Once the line containing "Lemma dXpol_shpol (p" is found in the entries below, restate it and each following line word for word, stopping after the line containing "Lemma sizeY_addl (p".

Exercise materials START

Lemma alt_cofactorE m (x : 'I_m.+1 -> K) : injective x ->
  forall j, alt_cofactor x j = alternant (fun _ => 0) x * node_weight x j.
Proof.
move=> x_inj j; rewrite (moments_eq0_node_weight (u := alt_cofactor x) x_inj _ j).
  congr (_ * _); rewrite -(@eq_alternant _ (@row_lam m.+1 0)).
    by rewrite alternant_row_lam; apply: eq_bigr => i _; rewrite add0r.
  by move=> i; rewrite /row_lam if_same.
move=> p lt_pm; have alt_eq0 : alternant (@row_lam m.+1 (p%:Z - m%:Z)) x = 0.
  by apply: alternant_row_lam_eq0; lia.
rewrite alternant_row_lam in alt_eq0; rewrite -[RHS]alt_eq0.
by apply: eq_bigr => i _; rewrite subrK.
Qed.

Lemma alternant0_vdm m (x : 'I_m -> K) : injective x ->
  alternant (fun _ => 0) x = vdm x.
Proof.
elim: m x => [|m IHm] x x_inj.
  by rewrite alternant_det det_mx00 /vdm big_ord0.
pose x' i := x (lift ord0 i).
have x'_inj : injective x' by move=> i j /x_inj /lift_inj.
have cofactor0 : alt_cofactor x ord0 = vdm x'.
  rewrite -IHm // /alt_cofactor /cofactor /= expr0 mul1r alternant_det.
  congr (\det _); apply/matrixP => i j; rewrite !mxE /= /bump leq0n add1n.
  by congr (_ ^ (_ + Posz _)); lia.
have vdm_rec : vdm x = (\prod_(l | l != ord0) (x ord0 - x l)) * vdm x'.
  rewrite /vdm big_ord_recl; congr (_ * _).
    by apply: eq_bigl => j; rewrite lt0n.
  apply: eq_bigr => i _; rewrite big_mkcond big_ord_recl /= mul1r [RHS]big_mkcond.
  by apply: eq_bigr.
rewrite vdm_rec -cofactor0 alt_cofactorE // /node_weight mulrC mulfVK //.
exact: node_prod_neq0.
Qed.

Lemma vdm_neq0 m (x : 'I_m -> K) : injective x -> vdm x != 0.
Proof.
move=> x_inj; apply/prodf_neq0 => i _; apply/prodf_neq0 => j lt_ij.
by rewrite subr_eq0; apply: contraTneq lt_ij => /x_inj ->; rewrite ltnn.
Qed.

Lemma Hk_eq0 m (x : 'I_m.+1 -> K) (k : int) :
  - (m.+1)%:Z < k -> k < 0 -> Hk x k = 0.
Proof. by move=> k_gt k_lt0; rewrite /Hk /Elam alternant_row_lam_eq0 ?mul0r. Qed.

Lemma Hk_lagrange m (x : 'I_m.+1 -> K) (k : int) : injective x -> Hk x k = Hlag x k.
Proof.
move=> x_inj; rewrite /Hk /Elam -[alternant _ x]/(alternant (@row_lam m.+1 k) x).
rewrite alternant_row_lam /Hlag mulr_suml; apply: eq_bigr => j _.
rewrite alt_cofactorE // alternant0_vdm // mulrCA mulrC mulKf //.
exact: vdm_neq0.
Qed.

Lemma node_weight_lift m (x : 'I_m.+1 -> K) i :
  node_weight x (lift ord0 i) =
    (x (lift ord0 i) - x ord0)^-1 * node_weight (fun l => x (lift ord0 l)) i.
Proof.
rewrite /node_weight big_mkcond big_ord_recl /= -invfM; congr ((_ * _)^-1).
by rewrite [RHS]big_mkcond; apply: eq_bigr => l _; rewrite (inj_eq lift_inj).
Qed.

Lemma size_prod_1subZX m (c : 'I_m -> K) :
  (size (\prod_(i < m) (1 - c i *: 'X) : {poly K})%R <= m.+1)%N.
Proof.
apply: leq_trans (size_poly_prod_leq _ _) _.
have size_factor i : (size (1 - c i *: 'X : {poly K})%R <= 2)%N.
  rewrite (leq_trans (size_polyD _ _)) // geq_max size_poly1 size_polyN.
  by rewrite (leq_trans (size_scale_leq _ _)) ?size_polyX.
have : (\sum_(i < m) size (1 - c i *: 'X : {poly K})%R <= \sum_(i < m) 2)%N.
  by apply: leq_sum => i _; exact: size_factor.
rewrite sum_nat_const card_ord.
set S := bigop _ _ _; lia.
Qed.

Section Nodes.
Variables (m : nat) (x : 'I_m.+1 -> K).
Hypotheses (x_inj : injective x) (x_neq0 : forall i, x i != 0).

Lemma Hlag_eq0 (k : int) : - (m.+1)%:Z < k -> k < 0 -> Hlag x k = 0.
Proof. by move=> k_gt k_lt0; rewrite -Hk_lagrange // Hk_eq0. Qed.

Lemma Hlag0 : Hlag x 0 = 1.
Proof.
rewrite -Hk_lagrange // /Hk /Elam (@eq_alternant _ _ (fun _ => 0)).
  by rewrite alternant0_vdm // divff // vdm_neq0.
by move=> i; rewrite if_same.
Qed.
(* Let $M$ be a timelike surface in $\mathbb{R}^{n,1}$ with a canonical null direction with respect to some constant vector $Z$. If the mean curvature vector $\vec H$ of $M$ is parallel in the normal bundle ($\nabla^\perp\vec H=0$), then $M$ is minimal, i.e. $\vec H=0$.
   Context: $\mathbb{R}^{n,1}$ is $\mathbb{R}^{n+1}$ with the metric $-dx_1^2+dx_2^2+\dots+dx_{n+1}^2$. A surface is timelike if the induced metric has signature $(1,1)$; a vector $v$ is lightlike if $v\ne0$ and $\langle v,v\rangle=0$. For a constant vector $Z$, $Z=Z^\top+Z^\perp$ along $M$ (tangent and normal parts); $M$ has a canonical null direction with respect to $Z$ if $Z^\top$ is lightlike everywhere on $M$. $\vec H=\frac12\operatorname{tr}II$ is the mean curvature vector and $\nabla^\perp$ the normal connection. *)

From Stdlib Require Import Reals.
Open Scope R_scope.

(* Vectors of R^{n,1}: coordinates x_0, ..., x_n (indices > n are ignored);
   x_0 is the timelike coordinate. *)
Definition vec := nat -> R.

Definition eta (i : nat) : R := match i with O => -1 | _ => 1 end.

Definition ip (n : nat) (x y : vec) : R :=
  sum_f_R0 (fun i => eta i * x i * y i) n.

Definition lightlike (n : nat) (x : vec) : Prop :=
  (exists i, (i <= n)%nat /\ x i <> 0) /\ ip n x x = 0.

Definition vzero (n : nat) (x : vec) : Prop := forall i, (i <= n)%nat -> x i = 0.

(* Induced metric of a parametrized surface with tangent vectors a = f_u, b = f_v *)
Definition gE n (a b : vec) := ip n a a.
Definition gF n (a b : vec) := ip n a b.
Definition gG n (a b : vec) := ip n b b.
Definition gdet n (a b : vec) := gE n a b * gG n a b - gF n a b * gF n a b.

(* Timelike: induced metric has signature (1,1), i.e. (for a 2x2 symmetric
   matrix) negative determinant. *)
Definition timelike_at n (a b : vec) : Prop := gdet n a b < 0.

(* Tangent part of X (orthogonal projection onto span(a,b) w.r.t. the
   nondegenerate induced metric), and normal part. *)
Definition tang n (a b X : vec) : vec := fun i =>
  let W := gdet n a b in
  let xa := ip n X a in let xb := ip n X b in
  ((gG n a b * xa - gF n a b * xb) / W) * a i
  + ((gE n a b * xb - gF n a b * xa) / W) * b i.

Definition norm_part n (a b X : vec) : vec := fun i => X i - tang n a b X i.

(* Mean curvature vector H = 1/2 tr_g II = 1/2 (g^{ij} f_ij)^perp *)
Definition meanH n (fu fv fuu fuv fvv : vec) : vec :=
  let W := gdet n fu fv in
  let L : vec := fun i =>
      (gG n fu fv / W) * fuu i - 2 * (gF n fu fv / W) * fuv i
      + (gE n fu fv / W) * fvv i in
  fun i => / 2 * norm_part n fu fv L i.

Definition open2 (U : R -> R -> Prop) : Prop :=
  forall u v, U u v -> exists r, 0 < r /\
    forall u' v', Rabs (u' - u) < r -> Rabs (v' - v) < r -> U u' v'.
(* Let $f\in C([0,1])$. Then $f\in\mathcal{F}_0$ if and only if there exist real numbers $\alpha_h$, $h\in\mathbf{Z}$, such that $$f(t)=\alpha_0t+\lim_{N\to+\infty}\sum_{1\le|h|\le N}\alpha_h\frac{e(ht)-1}{2i\pi h}\Bigl(1-\frac{|h|}{N}\Bigr)$$ uniformly for $t\in[0,1]$. For $f\in\mathcal{F}_0$, this expansion holds if and only if $\alpha_0=f(1)$ and $\alpha_h=f(1)+2i\pi h\widehat f(h)$ for $h\neq0$, where $\widehat f(h)=\int_0^1f(t)e(-ht)\,dt$. Moreover, for $f\in\mathcal{F}_0$ with these coefficients, $f\in\mathcal{S}$ if and only if $|\alpha_h|\le2$ for all $h\in\mathbf{Z}$.
   Context: $e(z)=e^{2i\pi z}$. $C([0,1])$ is the space of continuous complex-valued functions on $[0,1]$ with the sup norm. $\mathcal{F}_0$ is the real vector space of all $f\in C([0,1])$ such that $f(t)+\overline{f(1-t)}=f(1)$ for all $t\in[0,1]$. $\mathcal{S}$ is the support in $C([0,1])$ of the law of the random series $\mathrm{K}(t)=t\,\mathrm{ST}_0+\sum_{h\neq0}\frac{e(ht)-1}{2\pi i h}\mathrm{ST}_h$, where $(\mathrm{ST}_h)_{h\in\mathbf{Z}}$ are independent with Sato–Tate law $\frac1\pi\sqrt{1-x^2/4}\,dx$ on $[-2,2]$ (almost surely uniformly convergent via symmetric partial sums); equivalently, $\mathcal{S}$ is the set of $f\in C([0,1])$ with $f(0)=0$, $f(1)\in[-2,2]$, and such that $g(t)=f(t)-tf(1)$ has $\widehat g(h)\in i\mathbf{R}$ and $|\widehat g(h)|\le1/(\pi|h|)$ for all $h\ne0$. *)

From Stdlib Require Import Reals ZArith.
From Coquelicot Require Import Coquelicot.

Open Scope R_scope.

Definition e (x : R) : C := (cos (2 * PI * x), sin (2 * PI * x)).

Definition I01 (t : R) : Prop := 0 <= t <= 1.

(* f : R -> C represents an element of C([0,1]); only its values on [0,1] matter. *)
Definition cont01 (f : R -> C) : Prop :=
  forall t, I01 t -> filterlim f (within I01 (locally t)) (locally (f t)).

Definition inF0 (f : R -> C) : Prop :=
  forall t, I01 t -> (f t + Cconj (f (1 - t)%R))%C = f 1.

Definition fhat (f : R -> C) (h : Z) : C :=
  @RInt C_R_CompleteNormedModule (fun t => (f t * e (- IZR h * t))%C) 0 1.

Definition kterm (alpha : Z -> R) (h : Z) (t : R) : C :=
  (RtoC (alpha h) * ((e (IZR h * t) - RtoC 1) / (RtoC 2 * Ci * RtoC PI * RtoC (IZR h))))%C.

Fixpoint fejer_sum (alpha : Z -> R) (N : nat) (M : nat) (t : R) : C :=
  match M with
  | O => RtoC 0
  | S k => (fejer_sum alpha N k t
            + RtoC (1 - INR (S k) / INR N)
              * (kterm alpha (Z.of_nat (S k)) t + kterm alpha (- Z.of_nat (S k))%Z t))%C
  end.

Definition fejer (alpha : Z -> R) (N : nat) (t : R) : C :=
  (RtoC (alpha 0%Z * t) + fejer_sum alpha N N t)%C.

Definition expansion (f : R -> C) (alpha : Z -> R) : Prop :=
  forall eps : R, 0 < eps -> exists N0 : nat, forall N : nat, (N0 <= N)%nat ->
    forall t, I01 t -> Cmod (f t - fejer alpha N t)%C < eps.

(* The set S, via the characterization given in the context:
   f(0)=0, f(1) in [-2,2], and g(t) = f(t) - t f(1) has \hat g(h) in iR with
   |\hat g(h)| <= 1/(pi |h|) for h <> 0. *)
Definition inS (f : R -> C) : Prop :=
  cont01 f /\ f 0 = RtoC 0 /\ Im (f 1) = 0 /\ -2 <= Re (f 1) <= 2 /\
  forall h : Z, h <> 0%Z ->
    let g := fun t : R => (f t - RtoC t * f 1)%C in
    Re (fhat g h) = 0 /\ Cmod (fhat g h) <= 1 / (PI * Rabs (IZR h)).
Lemma exp_subn_leq_ffact n m : (n - m) ^ m <= n ^_ m.
Proof.
rewrite ffact_prod -(card_ord m) -prod_nat_const card_ord.
by apply: leq_prod => i _; apply/leq_sub2l/ltnW.
Qed.

Lemma ffact_leq_exp n m : n ^_ m <= n ^ m.
Proof.
rewrite ffact_prod -(card_ord m) -prod_nat_const card_ord.
by apply: leq_prod => i _; apply: leq_subr.
Qed.

Lemma sum_ord_leq n j : \sum_(i < n) (i <= j : nat) = minn n j.+1.
Proof.
elim: n => [|n IHn]; first by rewrite big_ord0.
by rewrite big_ord_recr /= IHn; case: (leqP n j) => /=; lia.
Qed.

Lemma sum_ord_geq n j : \sum_(i < n) (j <= i : nat) = n - minn n j.
Proof.
elim: n => [|n IHn]; first by rewrite big_ord0.
by rewrite big_ord_recr /= IHn; case: (leqP j n) => /=; lia.
Qed.

Lemma sum_fst (I J : finType) (f : I -> nat) :
  \sum_(x : I * J) f x.1 = #|J| * \sum_i f i.
Proof.
rewrite -(pair_bigA _ (fun i _ => f i)) big_distrr /=.
by apply: eq_bigr => i _; rewrite sum_nat_const mulnC.
Qed.

Lemma sum_snd (I J : finType) (g : J -> nat) :
  \sum_(x : I * J) g x.2 = #|I| * \sum_j g j.
Proof. by rewrite -(pair_bigA _ (fun _ j => g j)) sum_nat_const. Qed.

Lemma sum_mul_pair (I J : finType) (f : I -> nat) (g : J -> nat) :
  \sum_(x : I * J) f x.1 * g x.2 = (\sum_i f i) * (\sum_j g j).
Proof.
rewrite -(pair_bigA _ (fun i j => f i * g j)) big_distrl /=.
by apply: eq_bigr => i _; rewrite big_distrr.
Qed.

Definition ord_itv k a b : {set 'I_k} := [set i : 'I_k | a <= i < b].

Lemma in_ord_itv k a b (i : 'I_k) : (i \in ord_itv k a b) = (a <= i < b).
Proof. by rewrite inE. Qed.

Lemma card_ord_itv k a b : #|ord_itv k a b| = minn k b - a.
Proof.
rewrite -sum1dep_card -(big_mkord (fun i => a <= i < b) (fun _ => 1)) big_mkcond /=.
elim: k => [|k IHk]; first by rewrite big_geq // min0n.
rewrite big_nat_recr //= IHk; case: ifP => [/andP[]|/negbT]; first lia.
by rewrite negb_and -!ltnNge => /orP[]; lia.
Qed.

Lemma card_ord_itvC k a b : #|~: ord_itv k a b| = k - (minn k b - a).
Proof. by rewrite cardsCs setCK card_ord card_ord_itv. Qed.

Lemma leq_card_setCU (T : finType) (A B : {set T}) : #|T| - (#|A| + #|B|) <= #|~: (A :|: B)|.
Proof. by have := cardsC (A :|: B); have := (leq_card_setU A B).1; lia. Qed.

Section PermInto.
Variable T : finType.
Implicit Types (X Y : {set T}) (s : {perm T}).

Definition perm_into X Y := [set s : {perm T} | [forall i in X, s i \in Y]].

Lemma perm_intoP X Y s : reflect {in X, forall i, s i \in Y} (s \in perm_into X Y).
Proof. by rewrite inE; apply: (iffP forall_inP). Qed.
(* Operators of C[e^x][d]: A = \sum_j a_j(e^x) d^j is encoded as A : Pol whose
   outer variable is d and whose j-th coefficient a_j : {poly F} is a
   polynomial in e^x.  Its action on functions: *)
Definition opx (A : Pol) (r : Fn) : Fn :=
  \sum_(j < size A) polyEx A`_j * iter j Dx r.

(* Operators of C[z][T]: B = \sum_i b_i(z) T^i is encoded as B : Pol whose
   outer variable is T and whose i-th coefficient b_i : {poly F} is a
   polynomial in z.  Its action on functions: *)
Definition opz (B : Pol) (r : Fn) : Fn :=
  \sum_(i < size B) polyZ B`_i * iter i Tz r.

(* The anti-isomorphism b : C[e^x][d] -> C[z][T],
   b (\sum a_ij e^{ix} d^j) = \sum a_ij z^j T^i.
   Here A`_j`_i = a_ij. *)
Definition bmap (A : Pol) : Pol :=
  \sum_(j < size A) \sum_(i < size A`_j) ((A`_j`_i *: ('X : {poly F})^+ j)%:P * 'X^i).

Definition opP (theta : {poly F}) (Pbar : {poly {poly F}}) (r : Fn) : Fn :=
  (polyEx theta)^-1 * opx Pbar r.
Definition opQ (Qbar : {poly {poly F}}) (nu : {poly F}) (r : Fn) : Fn :=
  opx Qbar ((polyEx nu)^-1 * r).
End Encoding.

From HB Require Import structures.
From mathcomp Require Import all_boot all_order all_algebra.
From mathcomp Require Import ring zify.
Import Order.TTheory GRing.Theory Num.Theory.
Set Implicit Arguments. Unset Strict Implicit. Unset Printing Implicit Defensive.
Local Open Scope ring_scope.

(* The proof rests on three facts.
   1. Operators of C[e^x][d] (opx) commute with operators of C[z][T] (opz):
      d/dx commutes with T, polynomials in e^x are T-invariant and polynomials
      in z are d/dx-constants.
   In the theorem, the first identity is fact 2 for Pbar; for the second,
   nu(e^x)^-1 b(Qbar) g(z)^-1 psi and e^{xz} have the same image under Qbar by
   facts 1 and 2, hence coincide by fact 3; the last two follow by cancelling. *)

Section FieldFacts.
Variable K : fieldType.

(* The quotient rule (a/b)' = (a'b - ab')/b^2 does not depend on the chosen
   representative a/b = n/d, given a derivation of the cross relation ad = nb. *)
Lemma quotient_rule_wd (a b n d da db dn dd : K) : b != 0 -> d != 0 ->
  a * d = n * b -> da * d + a * dd = dn * b + n * db ->
  (da * b - a * db) / (b * b) = (dn * d - n * dd) / (d * d).
Proof.
move=> b0 d0 ad_nb dad_dnb.
have ea : a = n * b / d by rewrite -ad_nb mulfK.
have eda : da = (dn * b + n * db - a * dd) / d by rewrite -dad_dnb addrK mulfK.
by rewrite eda ea; field; rewrite b0 d0.
Qed.

Lemma quotient_ruleB (a b c e da db dc de : K) : b != 0 -> e != 0 ->
  ((da * e + a * de - (dc * b + c * db)) * (b * e) - (a * e - c * b) * (db * e + b * de))
    / ((b * e) * (b * e))
  = (da * b - a * db) / (b * b) - (dc * e - c * de) / (e * e).
Proof. by move=> b0 e0; field; rewrite b0 e0. Qed.

Lemma quotient_ruleM (a b c e da db dc de : K) : b != 0 -> e != 0 ->
  ((da * c + a * dc) * (b * e) - (a * c) * (db * e + b * de)) / ((b * e) * (b * e))
  = (da * b - a * db) / (b * b) * (c / e) + a / b * ((dc * e - c * de) / (e * e)).
Proof. by move=> b0 e0; field; rewrite b0 e0. Qed.
End FieldFacts.

Section LinearOperators.
Variable K : comNzRingType.

Lemma iter_commute (T : Type) (f g : T -> T) :
  (forall x, f (g x) = g (f x)) -> forall n x, iter n f (g x) = g (iter n f x).
Proof. by move=> fg; elim=> [//|n IHn] x /=; rewrite IHn fg. Qed.

(* The operator  r |-> sum_(i < n) c_i D^i r  with coefficients c and base map D;
   both opx and opz are of this form. *)
Definition linop (D : K -> K) (c : nat -> K) (n : nat) (r : K) : K :=
  \sum_(i < n) c i * iter i D r.

Lemma linopE D c n r : linop D c n r = \sum_(i < n) c i * iter i D r.
Proof. by []. Qed.

Section OneOperator.
Variables (D : {additive K -> K}) (c : nat -> K) (n : nat).

Lemma iterB i : {morph iter i D : x y / x - y}.
Proof. by elim: i => [//|i IHi] x y /=; rewrite IHi raddfB. Qed.

Lemma linopB : {morph linop D c n : x y / x - y}.
Proof.
by move=> x y; rewrite /linop -sumrB; apply: eq_bigr => i _; rewrite iterB mulrBr.
Qed.

Lemma linop0 : linop D c n 0 = 0.
Proof. by have := linopB 0 0; rewrite subrr => ->; rewrite subrr. Qed.

Lemma linopD : {morph linop D c n : x y / x + y}.
Proof.
have linopN z : linop D c n (- z) = - linop D c n z.
  by rewrite -sub0r linopB linop0 sub0r.
by move=> x y; rewrite -[y]opprK linopB linopN !opprK.
Qed.

Lemma linop_scale k : (forall x, D (k * x) = k * D x) ->
  forall r, linop D c n (k * r) = k * linop D c n r.
Proof.
move=> Dk r; rewrite /linop mulr_sumr; apply: eq_bigr => i _.
by rewrite (iter_commute Dk) mulrCA.
Qed.

Lemma linop_commute (E : {additive K -> K}) :
  (forall x, E (D x) = D (E x)) -> (forall i x, E (c i * x) = c i * E x) ->
  forall r, E (linop D c n r) = linop D c n (E r).
Proof.
move=> ED Ec r; rewrite /linop raddf_sum; apply: eq_bigr => i _.
by rewrite Ec (iter_commute (fun x => esym (ED x))).
Qed.
End OneOperator.

Lemma linop_comm (D1 D2 : {additive K -> K}) (c1 c2 : nat -> K) (n1 n2 : nat) :
  (forall x, D1 (D2 x) = D2 (D1 x)) ->
  (forall j x, D1 (c2 j * x) = c2 j * D1 x) ->
  (forall i x, D2 (c1 i * x) = c1 i * D2 x) ->
  forall r, linop D1 c1 n1 (linop D2 c2 n2 r) = linop D2 c2 n2 (linop D1 c1 n1 r).
Proof.
move=> D12 D1c2 D2c1 r.
have D2L x : D2 (linop D1 c1 n1 x) = linop D1 c1 n1 (D2 x).
  exact: linop_commute (fun y => esym (D12 y)) D2c1 x.
rewrite [linop D2 _ _ r]linopE (big_morph _ (linopD D1 c1 n1) (linop0 D1 c1 n1)).
rewrite [RHS]linopE; apply: eq_bigr => j _; rewrite linop_scale //.
by rewrite (iter_commute D2L).
Qed.
End LinearOperators.

Section Encoding.
Variable F : numClosedFieldType.
Local Notation Pol := {poly {poly F}}.
Local Notation Fun := (Fn F).

Definition shz (c : {poly F}) : {poly F} := c \Po ('X + 1).

Fact shz_is_zmod_morphism : zmod_morphism shz.
Proof. by move=> p q; rewrite /shz comp_polyB. Qed.
HB.instance Definition _ := GRing.isZmodMorphism.Build _ _ shz shz_is_zmod_morphism.

Fact shz_is_monoid_morphism : monoid_morphism shz.
Proof. by split=> [|p q]; rewrite /shz ?comp_polyC ?comp_polyM. Qed.
HB.instance Definition _ := GRing.isMonoidMorphism.Build _ _ shz shz_is_monoid_morphism.

Lemma shz_inj : injective shz.
Proof.
move=> p q; rewrite /shz => epq.
by rewrite -(comp_polyXaddC_K p 1) -(comp_polyXaddC_K q 1) polyC1 epq.
Qed.

Lemma shpolE (p : Pol) : shpol p = map_poly shz p.
Proof. by []. Qed.

Lemma shpolB (p q : Pol) : shpol (p - q) = shpol p - shpol q.
Proof. exact: rmorphB. Qed.

Lemma shpolM (p q : Pol) : shpol (p * q) = shpol p * shpol q.
Proof. exact: rmorphM. Qed.

Lemma shpol_eq0 (p : Pol) : (shpol p == 0) = (p == 0).
Proof. by rewrite shpolE -!size_poly_eq0 size_map_inj_poly ?rmorph0 //; apply: shz_inj. Qed.

Lemma dXpolB (p q : Pol) : dXpol (p - q) = dXpol p - dXpol q.
Proof. by rewrite /dXpol derivB mulrBr. Qed.

Lemma dXpolM (p q : Pol) : dXpol (p * q) = dXpol p * q + p * dXpol q.
Proof. by rewrite /dXpol derivM mulrDr mulrA mulrCA. Qed.

Lemma dXpolC (c : {poly F}) : dXpol c%:P = 0.
Proof. by rewrite /dXpol derivC mulr0. Qed.

Lemma dXpolX : dXpol ('X : Pol) = 'X.
Proof. by rewrite /dXpol derivX mulr1. Qed.

Lemma dXpol_shpol (p : Pol) : dXpol (shpol p) = shpol (dXpol p).
Proof. by rewrite /dXpol !shpolE deriv_map rmorphM /= map_polyX. Qed.

(* sizeY p is one more than the degree of p in z. *)
Lemma sizeY_mul (p q : Pol) : p != 0 -> q != 0 ->
  (sizeY (p * q)).+1 = (sizeY p + sizeY q)%N.
Proof.
move=> p0 q0; rewrite !sizeYE rmorphM size_mul ?swapXY_eq0 // prednK //.
by rewrite addn_gt0 size_poly_gt0 swapXY_eq0 p0.
Qed.

Lemma sizeY_mul_lt (p q : Pol) : q != 0 -> (sizeY (p * q) < sizeY p + sizeY q)%N.
Proof.
move=> q0; rewrite !sizeYE rmorphM (leq_ltn_trans (size_mul_leq _ _)) // ltn_predL.
by rewrite addn_gt0 !size_poly_gt0 !swapXY_eq0 q0 orbT.
Qed.

Lemma sizeY_add (p q : Pol) : (sizeY (p + q) <= maxn (sizeY p) (sizeY q))%N.
Proof. by rewrite !sizeYE rmorphD size_polyD. Qed.

Lemma sizeY_opp (p : Pol) : sizeY (- p) = sizeY p.
Proof. by rewrite /sizeY size_polyN; apply: eq_bigr => i _; rewrite coefN size_polyN. Qed.

Lemma sizeY_sub (p q : Pol) : (sizeY (p - q) <= maxn (sizeY p) (sizeY q))%N.
Proof. by rewrite -(sizeY_opp q) sizeY_add. Qed.

Lemma sizeY_addl (p q : Pol) : (sizeY q < sizeY p)%N -> sizeY (p + q) = sizeY p.
Proof. by rewrite !sizeYE rmorphD; apply: size_polyDl. Qed.

Lemma sizeY_dXpol (p : Pol) : (sizeY (dXpol p) <= sizeY p)%N.
Proof.
apply/bigmax_leqP => i _; rewrite /dXpol coefXM; case: ifP => _.
  by rewrite size_poly0.
by rewrite coef_deriv -scaler_nat (leq_trans (size_scale_leq _ _)) ?max_size_coefXY.
Qed.

Lemma sizeY_polyC (c : {poly F}) : sizeY (c%:P : Pol) = size c.
Proof.
rewrite /sizeY size_polyC; have [->|_] := eqVneq c 0; first by rewrite big_ord0 size_poly0.
by rewrite big_ord1 coefC.
Qed.

Lemma sizeY1 : sizeY (1 : Pol) = 1%N.
Proof. by rewrite -polyC1 sizeY_polyC size_poly1. Qed.

Lemma sizeY_map_polyC (a : {poly F}) : a != 0 -> sizeY (map_poly polyC a) = 1%N.
Proof. by move=> a0; rewrite sizeYE swapXY_map_polyC size_polyC a0. Qed.

Lemma fden_neq0 (r : Fun) : fden r != 0.
Proof. exact: denom_ratioP. Qed.

Lemma fracE (r : Fun) : r = (fnum r)%:F / (fden r)%:F.
Proof.
apply: (@mulIf _ (fden r)%:F); first by rewrite tofrac_eq0 fden_neq0.
rewrite mulfVK ?tofrac_eq0 ?fden_neq0 // /fnum /fden -{1}[r]reprK.
move: (repr r) => x; unlock FracField.tofrac.
rewrite -[LHS]FracField.pi_mul; apply/eqmodP => /=.
rewrite FracField.equivfE /FracField.mulf /=.
by rewrite !numden_Ratio ?mulr1 ?mul1r ?oner_neq0 ?denom_ratioP // mulrC.
Qed.

Lemma fracP (r : Fun) : exists a b : Pol, b != 0 /\ r = a%:F / b%:F.
Proof. by exists (fnum r), (fden r); rewrite -fracE fden_neq0. Qed.

Lemma frac_cross (a b : Pol) (r : Fun) : b != 0 -> r = a%:F / b%:F ->
  a * fden r = fnum r * b.
Proof.
move=> b0 er; apply/eqP.
by rewrite -tofrac_eq !tofracM -eqr_div ?tofrac_eq0 ?fden_neq0 // -er -fracE.
Qed.

Lemma frac_tofrac (p : Pol) : p%:F = p%:F / 1%:F :> Fun.
Proof. by rewrite tofrac1 divr1. Qed.

Lemma frac_neq0 (a b : Pol) : a != 0 -> b != 0 -> a%:F / b%:F != 0 :> Fun.
Proof. by move=> a0 b0; rewrite mulf_neq0 ?invr_eq0 ?tofrac_eq0. Qed.

Lemma frac_add (a b c e : Pol) : b != 0 -> e != 0 ->
  a%:F / b%:F + c%:F / e%:F = (a * e + c * b)%:F / (b * e)%:F :> Fun.
Proof. by move=> b0 e0; rewrite addf_div ?tofrac_eq0 // tofracD !tofracM. Qed.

Exercise materials END

Response to the task |
Lemma dXpol_shpol (p : Pol) : dXpol (shpol p) = shpol (dXpol p).
Proof. by rewrite /dXpol !shpolE deriv_map rmorphM /= map_polyX. Qed.

(* sizeY p is one more than the degree of p in z. *)
Lemma sizeY_mul (p q : Pol) : p != 0 -> q != 0 ->
  (sizeY (p * q)).+1 = (sizeY p + sizeY q)%N.
Proof.
move=> p0 q0; rewrite !sizeYE rmorphM size_mul ?swapXY_eq0 // prednK //.
by rewrite addn_gt0 size_poly_gt0 swapXY_eq0 p0.
Qed.

Lemma sizeY_mul_lt (p q : Pol) : q != 0 -> (sizeY (p * q) < sizeY p + sizeY q)%N.
Proof.
move=> q0; rewrite !sizeYE rmorphM (leq_ltn_trans (size_mul_leq _ _)) // ltn_predL.
by rewrite addn_gt0 !size_poly_gt0 !swapXY_eq0 q0 orbT.
Qed.

Lemma sizeY_add (p q : Pol) : (sizeY (p + q) <= maxn (sizeY p) (sizeY q))%N.
Proof. by rewrite !sizeYE rmorphD size_polyD. Qed.

Lemma sizeY_opp (p : Pol) : sizeY (- p) = sizeY p.
Proof. by rewrite /sizeY size_polyN; apply: eq_bigr => i _; rewrite coefN size_polyN. Qed.

Lemma sizeY_sub (p q : Pol) : (sizeY (p - q) <= maxn (sizeY p) (sizeY q))%N.
Proof. by rewrite -(sizeY_opp q) sizeY_add. Qed.

Lemma sizeY_addl (p q : Pol) : (sizeY q < sizeY p)%N -> sizeY (p + q) = sizeY p.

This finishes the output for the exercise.